An exemplar response should include the following structural elements:

1. **Core Retrieval and Layering (AO1)**: Explain that ice cores are drilled from stable ice sheets (e.g., Antarctica, Greenland) where annual layers of snowfall compress over hundreds of thousands of years, creating a chronological archive.

2. **Atmospheric Composition - Gas Bubbles (AO1/AO2)**: Describe how air bubbles trapped during compaction preserve actual samples of the ancient atmosphere. Explain that analyzing these bubbles allows direct measurement of greenhouse gas concentrations (such as $CO_2$ and $CH_4$) over timescales of up to 800,000 years.

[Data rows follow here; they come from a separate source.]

(* For each level m <= n and each additive character psi of O/p^m, Hei(O) acts on
   functions on (O/p^m)^k through the Schroedinger-type model
   (x, y, z) : phi(u) |-> psi(z + u.y) phi(u + x), of dimension q^(km), trivially on
   the congruence subgroup mod p^n.  The group O/p^m is an abelian p-group whose layer
   p^(m-1)/p^m has order at most q = p^f, so some f characters of O/p^m have no common
   kernel on that layer.  The block sum over the levels m = n - i, i < xi, with these
   f characters each, has dimension at most sum_i f q^(k(n-i)); an identity block pads
   it to the exact dimension.  It is faithful mod p^n: the translation at level n
   recovers x mod p^n, and if w is not in p^n, choose r with b = p^r w not in p^n but
   p b in p^n.  As v(p) = e, b lies in p^(n-xi), so b has an exact level m in
   (n - xi, n], where one of the chosen characters is nontrivial on b = p^r w, hence
   on w.  This detects y and z mod p^n. *)

Lemma in_pow0 (F : fieldType) (v : F -> int) m : in_pow v m 0.
Proof. by rewrite /in_pow eqxx. Qed.

Section SeparatingCharacters.
Local Open Scope group_scope.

3. **Temperature Reconstruction - Oxygen Isotopes (AO1/AO2)**: Detail the mechanism of oxygen isotope analysis (paleothermometry). Explain that the ratio of $^{18}O$ to $^{16}O$ in ice molecules varies with air temperature. During colder glacial periods, lighter $^{16}O$ evaporates more easily and is transported to poles, leaving ocean water enriched in $^{18}O$ and snow/ice relatively depleted in $^{18}O$. Thus, a lower $^{18}O/^{16}O$ ratio in ice indicates colder polar temperatures.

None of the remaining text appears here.